One of the major objectives of open hole logging in hydrocarbon exploration wells is to evaluate the fluid flow properties of the reservoir. Flow properties of particular interest include the relative fluid saturation at a given capillary pressure, the fluid flow permeability, the fluid viscosities, and the volume of bound formation water. The capillary bound water saturation determines the volume fraction of water in the pore space that will flow from the rock. This volume fraction subtracted from the total rock pore volume provides a measure of the maximum producible oil volume. The fluid flow permeability indicates how fast the fluid will flow through the rock for a given pressure gradient. These fluid flow properties are required to determine the economics of the reserve and for field development planning, such as the number of wells, well spacing, surface facilities, pipeline facilities, etc, which will be needed for production.
At present three methods are used for determining the reservoir rock fluid flow parameters: (1) formation micro-test and well testing; (2) coring and core analysis, and (3) inference from well logging measurements. Formation micro-testing and well testing involve the actual production of reservoir fluids from a specific reservoir interval. The disadvantage of this method is its high cost and that the flow parameters are only obtained over small reservoir intervals. The second option is to cut cores and determine the flow properties by laboratory core analysis measurements. This procedure is costly and reservoir flow parameters are only determined for selected reservoir intervals where cores from which cores are cut. There is also an additional uncertainty introduced on the measured flow parameters because of the possibility that the fluids redistribute in the pore space when the core is removed from the reservoir. The third option is to infer fluid flow parameters from logging measurements. This has the advantage of providing continuous data over the large reservoir intervals at much lower cost. The major disadvantage is that the fluid flow properties of the reservoir are inferred from measurements on non-flowing fluids, rather than measured directly on fluid flowing in the rock.
The fluid flow permeability, κ, is defined by Darcy's law:υ=−(κ/η)∇P  (1)where υ is the flow velocity, ∇P is the pressure gradient and κ/η, the ratio of permeability to viscosity, is the fluid mobility. At present the only direct measurement of permeability is obtained by laboratory core analysis. In these laboratory measurements the viscosity of the fluid and pressure gradient are known and the velocity is measured. The permeability is then readily derived from data fitting using the Darcy law definition of permeability. By contrast, permeabilities derived from well testing and repeat formation testers are not measured directly but rather are derived from modeling the data from these measurements.

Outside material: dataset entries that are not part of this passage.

Lemma exists_tricub_comb a : exists d : V * seq (cube3 * V * A), a = tricub_comb d.1 d.2.
Proof.
pose P a := exists d : V * seq (cube3 * V * A), a = tricub_comb d.1 d.2.
have P0 : P 0.
  by exists (0, [::]); rewrite /tricub_comb big_nil addr0 (klinear0 iota_linear).
have P_lin c x y : P x -> P y -> P (c *: x + y).
  by move=> [[v l] ->] [[v' l'] ->]; rewrite tricub_comb_lin; eexists (_, _).
have P_op o x y : P x -> P y -> P (op o x y).
  by move=> [[v l] ->] _; rewrite op_tricub_comb; eexists (_, _).
have P_iota v : P (iota v) by exists (v, [::]); rewrite /tricub_comb big_nil addr0.
have [g [gM g_iota gP]] := free_lift Hfree (P := P) P0 P_lin P_op
  (fun o c x y z _ _ _ => op_linearl o z c x y) (fun o c x y z _ _ _ => op_linearr o z c x y)
  (fun o1 o2 x y z _ _ _ => op_assoc o1 o2 x y z) iota_linear P_iota.
by rewrite -(free_morphism_id gM g_iota a); apply: gP.
Qed.

Lemma tricub_comb_head :
  exists pi : A -> V, klinear pi /\ forall v0 l, pi (tricub_comb v0 l) = v0.
Proof.
have [_ [_ univ]] := Hfree.
have zero_trialgebra : cubical_trialgebra (fun (_ : cube3) (_ _ : V) => 0 : V).
  by split; first split=> *; rewrite ?scaler0 ?addr0.
have [pi [[piL piM] [pi_iota _]]] := univ V _ zero_trialgebra id (fun c x y => erefl).
exists pi; split=> // v0 l; rewrite /tricub_comb (klinearD piL) pi_iota (klinear_sum piL).
by rewrite big1 ?addr0 // => t _; apply: piM.
Qed.

Section TailFunctional.
Variable W : lmodType K.
Local Notation B := (A * (cube3 -> A -> W) * W)%type.

(* Designed so that a |-> (a, fun o z => H (op o a z), H a) is a trialgebra morphism
   into B whenever H is linear. *)
Definition tail_op o (x y : B) : B :=
  (op o x.1.1 y.1.1, fun p z => x.1.2 o (op p y.1.1 z), x.1.2 o y.1.1).

Definition tail_pred (x : B) : Prop := forall o, klinear (x.1.2 o).

Lemma tail_pred0 : tail_pred 0.
Proof. by move=> o c x y /=; rewrite scaler0 addr0. Qed.

Lemma tail_pred_lin c x y : tail_pred x -> tail_pred y -> tail_pred (c *: x + y).
Proof.
move=> Px Py o c' u u' /=; rewrite !fctE /= Px Py.
by rewrite !scalerDr !scalerA [c * c']mulrC addrACA.
Qed.

Lemma tail_pred_op o x y : tail_pred x -> tail_pred y -> tail_pred (tail_op o x y).
Proof. by move=> Px _ p c u u' /=; rewrite op_linearr Px. Qed.

Lemma tail_op_linl o c x y z : tail_pred x -> tail_pred y -> tail_pred z ->
  tail_op o (c *: x + y) z = c *: tail_op o x z + tail_op o y z.
Proof. by move=> _ _ _; rewrite /tail_op /= op_linearl. Qed.

Lemma tail_op_linr o c x y z : tail_pred x -> tail_pred y -> tail_pred z ->
  tail_op o z (c *: x + y) = c *: tail_op o z x + tail_op o z y.
Proof.
move=> _ _ Pz; rewrite /tail_op /= op_linearr Pz; congr (_, _, _).
by apply/funext => p; apply/funext => u; rewrite !fctE /= op_linearl Pz.
Qed.

Lemma tail_op_assoc o1 o2 x y z : tail_pred x -> tail_pred y -> tail_pred z ->
  tail_op o2 (tail_op o1 x y) z = tail_op o1 x (tail_op o2 y z).
Proof.
move=> _ _ _; rewrite /tail_op /= op_assoc; congr (_, _, _).
by apply/funext => p; apply/funext => u; rewrite op_assoc.
Qed.

Lemma tricub_comb_tail (G : cube3 -> V -> A -> W) :
  (forall o w, klinear (fun v => G o v w)) -> (forall o v, klinear (G o v)) ->
  exists H : A -> W, klinear H /\
    forall v0 l, H (tricub_comb v0 l) = \sum_(t <- l) G t.1.1 t.1.2 t.2.
Proof.
move=> G_linV G_linA; pose f v : B := (iota v, fun p z => G p v z, 0).
have fL : klinear f.
  move=> c v v'; rewrite /f.
  transitivity (c *: iota v + iota v', c *: (fun p z => G p v z) + (fun p z => G p v' z),
                c *: 0 + 0 : W); last by [].
  congr (_, _, _); [exact: iota_linear | | by rewrite scaler0 addr0].
  by apply/funext => p; apply/funext => u; rewrite !fctE /= G_linV.
have [g [[gL gM] g_iota _]] := free_lift Hfree tail_pred0 tail_pred_lin tail_pred_op
  tail_op_linl tail_op_linr tail_op_assoc fL (fun v o => G_linA o v).
have g1 a : (g a).1.1 = a.
  apply: (free_morphism_id (h := fun a => (g a).1.1)) => [|v]; last by rewrite g_iota.
  by split=> [c x y|o x y]; rewrite ?gL ?gM.
have HL : klinear (fun a => (g a).2) by move=> c x y /=; rewrite gL.
exists (fun a => (g a).2); split=> // v0 l.
rewrite /tricub_comb (klinearD HL) /= g_iota add0r (klinear_sum HL).
by apply: eq_bigr => t _ /=; rewrite gM g_iota /= g1.
Qed.
End TailFunctional.

Definition tricub_dec (a : A) := projT1 (cid (exists_tricub_comb a)).

Lemma tricub_decE a : tricub_comb (tricub_dec a).1 (tricub_dec a).2 = a.
Proof. by rewrite /tricub_dec; case: cid. Qed.

Section Contraction.
Variables (W : lmodType K) (phi : seq cube3 -> seq A -> W).
Hypothesis phiML : multilinear phi.

Lemma exists_contraction : exists Psi : seq cube3 -> seq A -> W, multilinear Psi /\
  forall Z v0 l b,
    Psi Z (tricub_comb v0 l :: b) = - \sum_(t <- l) phi (t.1.1 :: Z) (iota t.1.2 :: t.2 :: b).
Proof.
have tail (Zb : seq cube3 * seq A) : exists H : A -> W, klinear H /\ forall v0 l,
    H (tricub_comb v0 l) = \sum_(t <- l) - phi (t.1.1 :: Zb.1) (iota t.1.2 :: t.2 :: Zb.2).
  apply: (@tricub_comb_tail W (fun o v w => - phi (o :: Zb.1) (iota v :: w :: Zb.2)))
    => [o w | o v] c x y.
  - by rewrite iota_linear (phiML _ [::]) scalerN opprD.
  - by rewrite (phiML _ [:: iota v]) scalerN opprD.
have [H HP] := choice tail.
exists (fun Z b => if b is b1 :: b' then H (Z, b') b1 else 0); split.
- move=> Z [|b1 l] r c x y /=; first exact: (HP (Z, r)).1.
  rewrite -[b1]tricub_decE !(HP _).2 scaler_sumr -big_split /=; apply: eq_bigr => t _.
  by rewrite (phiML _ [:: _, _ & l]) scalerN opprD.
- by move=> Z v0 l b; rewrite (HP (Z, b)).2 sumrN.
Qed.

Variable Psi : seq cube3 -> seq A -> W.
Hypothesis PsiE : forall Z v0 l b,
  Psi Z (tricub_comb v0 l :: b) = - \sum_(t <- l) phi (t.1.1 :: Z) (iota t.1.2 :: t.2 :: b).

Lemma contraction_identity m X0 X v0 l a1 a :
  phi (X0 :: X) (tricub_comb v0 l :: a1 :: a) +
    \sum_(t <- l) eval_d op phi m.+3 (t.1.1 :: X0 :: X) (iota t.1.2 :: t.2 :: a1 :: a) =
  eval_d op Psi m.+2 (X0 :: X) (tricub_comb v0 l :: a1 :: a).
Proof.
have Psi_tail : (fun X' a' => Psi (X0 :: X') (tricub_comb v0 l :: a')) =
    (fun X' a' => - \sum_(t <- l) phi (t.1.1 :: X0 :: X') (iota t.1.2 :: t.2 :: a')).
  by apply/funext => X'; apply/funext => a'; apply: PsiE.
rewrite eval_d_cons Psi_tail eval_dN eval_d_sum op_tricub_comb PsiE big_cons big_map /=.
under eq_bigr => t _ do rewrite !eval_d_cons /=.
rewrite {1}/tricub_comb (klinearD (multilinear_head _ _ phiML)).
rewrite (klinear_sum (multilinear_head _ _ phiML)) /=.
under [X in _ + X = _]eq_bigr => t _ do rewrite opprB opprK.
by rewrite !big_split /= sumrN !opprK -addrA addNKr addrCA addrC.
Qed.
End Contraction.

Definition homotopy_gen (t : K * (seq cube3 * seq A)) : fsum A :=
  let: (c, (X, a)) := t in
  if a is a1 :: a' then
    [seq (- c, (u.1.1 :: X, iota u.1.2 :: u.2 :: a')) | u <- (tricub_dec a1).2]
  else [::].

Definition homotopy (s : fsum A) : fsum A := flatten (map homotopy_gen s).

Lemma wf_homotopy n s : wf_fsum n.+1 s -> wf_fsum n.+2 (homotopy s).
Proof.
move=> /allP ws; apply/allP => u /flatten_mapP [[c [X [|a1 a]]] /ws] //=.
by case/andP => /eqP sX /eqP [sa] /mapP [t _ ->]; rewrite /= sX sa !eqxx.
Qed.

Lemma eval_sub_d_homotopy (W : lmodType K) (phi : seq cube3 -> seq A -> W) n s :
  wf_fsum n.+1 s ->
  eval_fsum phi s - eval_fsum phi (dfsum op n.+2 (homotopy s)) =
  \sum_(t <- s) t.1 *: (phi t.2.1 t.2.2 + \sum_(u <- (tricub_dec (head 0 t.2.2)).2)
      eval_d op phi n.+2 (u.1.1 :: t.2.1) (iota u.1.2 :: u.2 :: behead t.2.2)).
Proof.
move=> /allP ws; rewrite eval_dfsum /homotopy big_flatten big_map -sumrN -big_split /=.
apply: eq_big_seq => -[c [X [|a1 a]]] /ws /andP [_ /eqP //] _ /=.
rewrite big_map scalerDr scaler_sumr -sumrN; congr (_ + _); apply: eq_bigr => u _ /=.
by rewrite scaleNr opprK.
Qed.

Lemma homology1_onto x : wf_fsum 1 x ->
  exists v y, wf_fsum 2 y /\ tensor_zero 1 (x ++ fneg (gen1 (iota v)) ++ fneg (dfsum op 2 y)).
Proof.
move=> wx; exists (\sum_(t <- x) t.1 *: (tricub_dec (head 0 t.2.2)).1), (homotopy x).
split; first exact: wf_homotopy.
apply: tensor_zero_multilinear => [|W phi phiML].
  by rewrite !wf_fsum_cat !wf_fsum_fneg wx (wf_dfsum op (wf_homotopy wx)).
have phi1L : klinear (fun v => phi [::] [:: iota v]).
  by move=> c v v'; rewrite iota_linear (phiML _ [::]).
have eval_d2 o b w : eval_d op phi 2 [:: o] [:: b; w] = - phi [::] [:: op o b w].
  by rewrite /eval_d big_seq1 expr1 scaleN1r.
rewrite !eval_cat !eval_fneg addrCA eval_sub_d_homotopy // /eval_fsum big_seq1 scale1r /=.
rewrite (klinear_sum phi1L) -sumrN -big_split big1_seq // => -[c [X a]] /(allP wx).
case/andP=> /eqP/size0nil ->; case: a => [|a1 []] //= _.
rewrite -[in phi _ [:: a1]](tricub_decE a1) /tricub_comb.
rewrite (klinearD (multilinear_head _ _ phiML)) (klinear_sum (multilinear_head _ _ phiML)).
under [X in _ *: (_ + X)]eq_bigr => u _ do rewrite eval_d2.
by rewrite (klinearZ phi1L) sumrN addrK addNr.
Qed.

Lemma homology1_inj v y : tensor_zero 1 (gen1 (iota v) ++ fneg (dfsum op 2 y)) -> v = 0.
Proof.
have [pi [piL piE]] := tricub_comb_head.
have pi_iota v' : pi (iota v') = v' by have := piE v' [::]; rewrite /tricub_comb big_nil addr0.
have pi_op o a b : pi (op o a b) = 0 by rewrite -[a]tricub_decE op_tricub_comb piE.
have piML : multilinear_n 1 (fun _ a => pi (head 0 a)).
  by move=> X [|? ?] [|? ?] c a b _ //= _; apply: piL.
move=> /(_ V _ piML); rewrite eval_cat eval_fneg eval_dfsum big1 => [|t _].
  by rewrite oppr0 addr0 /eval_fsum big_seq1 scale1r /= pi_iota.
by rewrite /eval_d big_seq1 /face take0 /= pi_op !scaler0.
Qed.

Lemma homology_acyclic n : (2 <= n)%N -> forall x, wf_fsum n x ->
  tensor_zero n.-1 (dfsum op n x) ->
  exists y, wf_fsum n.+1 y /\ tensor_zero n (x ++ fneg (dfsum op n.+1 y)).
Proof.
case: n => [|[|n]] // _ x wx dx0; exists (homotopy x); split; first exact: wf_homotopy.
apply: tensor_zero_multilinear => [|W phi phiML].
  by rewrite wf_fsum_cat wf_fsum_fneg wx (wf_dfsum op (wf_homotopy wx)).
have [Psi [PsiML PsiE]] := exists_contraction phiML.
rewrite eval_cat eval_fneg eval_sub_d_homotopy //.
rewrite -[in RHS](dx0 W Psi (multilinear_n_of PsiML)) eval_dfsum.
apply: eq_big_seq => -[c [X a]] /(allP wx) /andP [/= sX sa]; congr (_ *: _).
case: X sX sa => // X0 X _; case: a => [|a1 [|a2 a]] // _.
by rewrite -[in RHS](tricub_decE a1) -(contraction_identity phiML PsiE) tricub_decE.
Qed.
End FreeTricub.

In general, the experimental control parameters such as fluid velocity, viscosity, and pressure gradient are not known and must be included in the fit parameters of the model. The model must also include other parameters such as the pressure gradients in the reservoir and the radial flow profiles that control bulk flow into the borehole. This large number of fit parameters has the consequence of introducing large uncertainties in the estimation of the permeability.
Wire line logging tools have the advantage that data can be quickly and comparatively inexpensively obtained over very large reservoir intervals. This is especially important early in the appraisal stage of exploration wells where logging data is used to identify reservoir intervals where the more expensive well tests or formation micro-tests measurements will be made. The major disadvantage of all continuous log wire line tools is that the fluid permeability is not directly measured but is inferred from other petrophysical properties of the reservoir rock. Permeabilities are derived using empirical correlations established from laboratory measurements of permeability on cores and the characteristic tool response parameters. The primary tools used for this type of analysis are the sonic, electrical conductivity, and nuclear magnetic resonance (NMR) logging tools. For the sonic measurements, the permeability is derived from the attenuation of the elastic wave propagating along the borehole or in the formation. A major complication is that the attenuation is determined by the bulk properties, which includes both the grain and fluid properties. For the conductivity measurements, the permeability is derived using the Kozeny-Carmen relationship. A major complication in this measurement is that the conductivity varies with salinity as well as the relative saturation of hydrocarbons and also depends on the amount and types of clays and minerals present. For the NMR measurements, the permeability is inferred from an assumed simple relation between the NMR relaxation time distribution and the pore size distribution. However this relationship is complex and the NMR relaxation time spectrum can only be converted to a pore size distribution in ideal circumstances when all relevant parameters such as the surface relaxivity and contributions of the pore-to-pore coupling are known. As a result of the complications in the interpretation of each of these measurements, the permeability inferred from the data analysis is bounded by large uncertainties.
The present invention describes a method to determine fluid flow velocities in the reservoir rock in the presence of a known pressure gradient. The analysis of the data to determine permeability does not require assumptions about bulk flow into the borehole such as required for the analysis of well test and formation micro-test data. The measurement is also made using a wire line tool under continuous logging conditions so that data over large reservoir intervals are obtained.